Sanyade Okoli, Special Adviser to President Bola Tinubu on Finance and the Economy, says Nigeria’s economy is projected to grow 4% in 2025 and 5% in 2026.
Speaking at the Nigeria Investors Forum in Washington, D.C., United States, held on the sidelines of the World Bank–IMF Annual Meetings, Okoli said Nigeria has already achieved a growth rate of 4%, with Q2 2025 showing 4.3% growth.
“We know we need to diversify the economy — and we’re seeing results,” Okoli said.
He explained that in Q2, 13 sectors grew above 7%, compared to 9 sectors in Q1.
According to him, Nigeria’s dependence on oil for total exports has dropped to 57.5% in the first half of 2025 — a decline from previous years — while oil now contributes only about 4% of GDP, down from 8% in 2021.
“The economy is diversifying, and resilience is building,” he added.
Okoli said Nigeria’s oil sector is also improving, with daily crude production expected to reach 2 million barrels per day by 2027, and further growth anticipated by 2030 — supported by better security and management reforms.
The presidential aide also outlined ongoing partnerships with the private sector and development partners to boost infrastructure and drive long-term growth.

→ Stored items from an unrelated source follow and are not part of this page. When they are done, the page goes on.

Lemma cstar_series_re_cv_sieve {n} : (1 < n)%N ->
  Un_cv (cstar_series_re n) (sieve subR (primary_parts n) 1 (fun D => - ln (INR (n %/ D)))).
Proof.
move=> n1; have n0 := ltnW n1; have adm := admissible_primary_parts n0.
apply: (Un_cv_ext _ _ (fun N => esym (cstar_series_re_sieve n N n1))).
apply: (sieve_sub_cv (fun N D => harmonic (N.+1 %/ (n %/ D)) - harmonic N.+1) _ adm) => D Dn.
have m0 : (0 < n %/ D)%N by rewrite divn_gt0 ?(dvdn_gt0 n0 Dn) // dvdn_leq.
apply: (harmonic_div_cv _ (fun N => N.+1 %/ (n %/ D))%N (ssrnat.ltP m0)) => N.
by split; apply/ssrnat.leP; [rewrite leq_divM | have := ltn_ceil N.+1 m0; lia].
Qed.

Lemma big_seq_single {s : seq nat} x (F : nat -> R) : uniq s -> x \in s ->
  {in s, forall i, i != x -> F i = 0} -> \sum_(i <- s) F i = F x.
Proof.
move=> us xs F0; rewrite (bigD1_seq x) //= big1_seq ?addr0 //.
by move=> i /andP[ix ins]; apply: F0.
Qed.

Lemma primes_pfactor {p a} : prime p -> (0 < a)%N -> primes (p ^ a) = [:: p].
Proof. by move=> pp a0; rewrite primesX // primes_prime. Qed.

Lemma primes_eq1_part n p : (0 < n)%N -> primes n = [:: p] -> (n`_p)%N = n.
Proof. by move=> n0 E; apply: part_pnat_id; rewrite /pnat n0 E /= inE eqxx. Qed.

Lemma LambdaStarE n : (1 < n)%N ->
  LambdaStar n = if primes n is [:: _] then ln (INR n) else 0.
Proof.
move=> n1; have n0 := ltnW n1.
rewrite /LambdaStar fold_right_RplusE list_seqE.
under eq_bigr do rewrite fold_right_RplusE list_seqE.
under eq_bigr do under eq_bigr do rewrite primebE Nat_eqbE Nat_powE.
case E: (primes n) => [|p [|p' ps]].
- by move/eqP: E; rewrite primes_eq0 ltnNge n1.
- have pp : prime p by have := mem_head p [::]; rewrite -E mem_primes => /andP[].
  set a := logn p n.
  have a0 : (0 < a)%N by rewrite logn_gt0 E mem_head.
  have nE : n = (p ^ a)%N by rewrite -p_part primes_eq1_part.
  have pn : (p <= n)%N by rewrite {1}nE -{1}(expn1 p) leq_pexp2l // prime_gt0.
  have an : (a <= n)%N by rewrite {1}nE; apply/ltnW/ltn_expl/prime_gt1.
  rewrite (big_seq_single p) ?iota_uniq ?mem_iota ?prime_gt1 //=; last first.
  - move=> p' _ ne; apply: big1_seq => a' /andP[_]; rewrite mem_iota => /andP[a'1 _].
    case: ifP => // /andP[pp' /eqP nE'].
    by have := primes_pfactor pp' a'1; rewrite -nE' E => -[] pE; rewrite pE eqxx in ne.
  - by rewrite add2n ltnS ltnW.
  rewrite (big_seq_single a) ?iota_uniq ?mem_iota ?a0 /= ?add1n ?ltnS //; last first.
    move=> a' _ ne; case: ifP => // /andP[_ /eqP nE'].
    by rewrite /a nE' pfactorK // eqxx in ne.
  rewrite pp -nE eqxx /= {1}nE -Nat_powE pow_INR ln_pow //.
  by apply/lt_0_INR/ssrnat.ltP/prime_gt0.
- rewrite big1_seq // => p0 /andP[_ _]; apply: big1_seq => a' /andP[_].
  rewrite mem_iota => /andP[a'1 _]; case: ifP => // /andP[pp' /eqP nE'].
  by have := primes_pfactor pp' a'1; rewrite -nE' E.
Qed.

“On roads, the Highway Development and Management Initiative has identified over 10 routes for PPPs,” he said.
“On power, we’re partnering with the World Bank and AfDB to mobilise about $32 billion to improve electricity access and reliability.

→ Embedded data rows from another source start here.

(* Let $\rho$ be a density matrix on $\mathbb{C}^d$ and $X$ a $d\times d$ Hermitian matrix. Then $I^s(\rho,X)$ is a monotonically decreasing function of $s\in[-\infty,0]$ and is bounded by the variance: $I^{0}(\rho,X)\le I^{s}(\rho,X)\le I^{t}(\rho,X)\le I^{-\infty}(\rho,X)\le V(\rho,X)$ for all $-\infty\le t\le s\le 0$, where $V(\rho,X)=\mathrm{Tr}[\rho X^\dagger X]-|\mathrm{Tr}[\rho X^\dagger]|^2$. Moreover, if $\rho$ is a pure state, then $I^s(\rho,X)=V(\rho,X)$ for every $s\in[-\infty,0]$.
   Context: Write $\rho=\sum_{i=1}^{d}\lambda_i|\psi_i\rangle\langle\psi_i|$ with $\{|\psi_i\rangle\}$ an orthonormal basis of eigenvectors of $\rho$ and $\lambda_1\ge\cdots\ge\lambda_d\ge 0$. For $-\infty<s<0$ and $a_1,a_2>0$ define $m_s(a_1,a_2)=\left(\frac{a_1^s+a_2^s}{2}\right)^{1/s}$; set $m_0(a_1,a_2)=\sqrt{a_1a_2}$, $m_{-\infty}(a_1,a_2)=\min\{a_1,a_2\}$, and $m_s(a,0)=m_s(0,a)=m_s(0,0)=0$ for all $s\in[-\infty,0]$. Define $\zeta_\rho^s(X,Y)=\mathrm{Tr}[\rho X^\dagger Y]-\sum_{i,j=1}^d m_s(\lambda_i,\lambda_j)\langle\psi_i|X^\dagger|\psi_j\rangle\langle\psi_j|Y|\psi_i\rangle$ and $I^s(\rho,X)=\zeta_\rho^s(X,X)$. *)

From HB Require Import structures.
From mathcomp Require Import all_boot all_order all_algebra.
From mathcomp Require Import complex.
From mathcomp Require Import boolp reals constructive_ereal ereal exp.
Set Implicit Arguments. Unset Strict Implicit. Unset Printing Implicit Defensive.
Import Order.TTheory GRing.Theory Num.Theory.
Local Open Scope ring_scope.
Local Open Scope complex_scope.

Definition adj (R : realType) (m n : nat) (A : 'M[R[i]]_(m, n)) : 'M[R[i]]_(n, m) :=
  (map_mx Num.conj A)^T.

Definition hermitian_mx (R : realType) (d : nat) (A : 'M[R[i]]_d) : Prop := adj A = A.

Definition psd (R : realType) (d : nat) (A : 'M[R[i]]_d) : Prop :=
  hermitian_mx A /\ forall v : 'cV[R[i]]_d, 0 <= (adj v *m A *m v) 0 0.

Definition density_matrix (R : realType) (d : nat) (rho : 'M[R[i]]_d) : Prop :=
  psd rho /\ \tr rho = 1.

Definition unitary_mx (R : realType) (d : nat) (U : 'M[R[i]]_d) : Prop :=
  adj U *m U = 1%:M.

(* The power mean m_s(a1,a2) for s in [-oo,0] (s an extended real):
   s = -oo : min; s = 0 : geometric mean; -oo < s < 0 : ((a1^s+a2^s)/2)^(1/s);
   and m_s(a,0) = m_s(0,a) = 0. (Values for s > 0 or s = +oo are never used.) *)
Definition mean_s (R : realType) (s : \bar R) (a1 a2 : R) : R :=
  if (a1 == 0) || (a2 == 0) then 0 else
  match s with
  | -oo%E => Num.min a1 a2
  | (r%:E)%E => if r == 0 then Num.sqrt (a1 * a2)
                else ((a1 `^ r + a2 `^ r) / 2) `^ (r^-1)
  | +oo%E => 0
  end.

(* zeta_rho^s(X,Y), where rho = sum_i lam i |psi_i><psi_i| and psi_i is the
   i-th column of U; <psi_i|A|psi_j> = (U^dagger A U) i j. *)
Definition zeta (R : realType) (d : nat) (s : \bar R) (rho U : 'M[R[i]]_d)
    (lam : 'I_d -> R) (X Y : 'M[R[i]]_d) : R[i] :=
  \tr (rho *m adj X *m Y)
  - \sum_(i < d) \sum_(j < d)
      (mean_s s (lam i) (lam j))%:C * (adj U *m adj X *m U) i j
                                   * (adj U *m Y *m U) j i.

“On digital infrastructure, we’re laying 90,000 kilometres of fibre-optic coverage to future-proof connectivity for our young population.”
Okoli said agriculture remains central to Nigeria’s growth and job creation strategy and is critical to reducing food inflation.

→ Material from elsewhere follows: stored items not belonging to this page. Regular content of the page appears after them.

Lemma folner_boundary_small (R : realType) (I : Type) (le : I -> I -> Prop)
    (F : I -> {fset M}) (P : seq Gc) :
  directed le -> right_folner R le F ->
  exists i0, forall i, le i0 i -> (#|` rsa_boundary (F i) P|%:R : R) <= #|` F i|%:R / 2.
Proof.
move=> dir [F_neq0 F_folner].
pose eps : R := ((2 * (size P).+1)%:R)^-1.
have eps_gt0 : 0 < eps by rewrite invr_gt0 ltr0n.
have F_gt0 i : 0 < #|` F i|%:R :> R by rewrite ltr0n cardfs_gt0.
have [|i0 small] := @directed_eventually_all _ _ _ P
  (fun g i => (#|` [fset m in F i | rsa m g \notin F i]%fset|%:R : R) <= eps * #|` F i|%:R) dir.
  move=> g _; have [i0 Fi0] := F_folner g eps eps_gt0; exists i0 => i /Fi0.
  by rewrite ger0_norm ?divr_ge0 // ltr_pdivrMr // => /ltW.
exists i0 => i /small {}small.
have eps_size : eps * (size P)%:R <= 2^-1.
  have : (size P)%:R <= (size P).+1%:R :> R by rewrite ler_nat.
  move/(ler_wpM2l (ltW eps_gt0))/le_trans; apply.
  by rewrite /eps natrM invfM -mulrA mulVf ?mulr1 // pnatr_eq0.
have := card_rsa_boundary_le (F i) P; rewrite -(ler_nat R) natr_sum => /le_trans -> //.
rewrite big_seq (le_trans (ler_sum _ small)) // -big_seq big_const_seq count_predT.
rewrite iter_addr_0 -mulrnAl -[eps *+ _]mulr_natr [_ / 2]mulrC.
by rewrite ler_wpM2r // ltW.
Qed.
End CellSpace.

Section Tiling.
Variables (S : cell_space) (E E' : seq (cs_G S)) (T : set (cs_M S)).
Local Notation Gc := {classic (cs_G S)}.
Local Notation M := (cs_M S).
Local Notation mul := (@cs_mul S).
Local Notation inv := (@cs_inv S).
Hypothesis T_disjoint : forall t t', T t -> T t' -> t <> t' ->
  [disjoint rsa_set t E & rsa_set t' E]%fset.
Hypothesis T_cover : forall m, exists2 t, T t & m \in rsa_set t E'.
Variable Hs : seq Gc.
Hypothesis stabiliser_Hs : forall h, stabiliser h -> h \in Hs.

He also noted that the government is investing in human capital, citing programmes such as the Nigerian Education Loan Fund (NELFUND) for interest-free student loans and the Digital Health Initiative.
On fiscal policy, Okoli reported improvements in Nigeria’s public finances, stating that while expenditures have risen slightly, revenues are increasing and deficits are narrowing.
“The federal government’s deficit-to-GDP ratio is now around 3.6%, down from over 4% previously — trending toward the 3% target,” he said.
He added that non-oil revenue has remained strong, driven by improved tax compliance, automation, and digitisation across the system.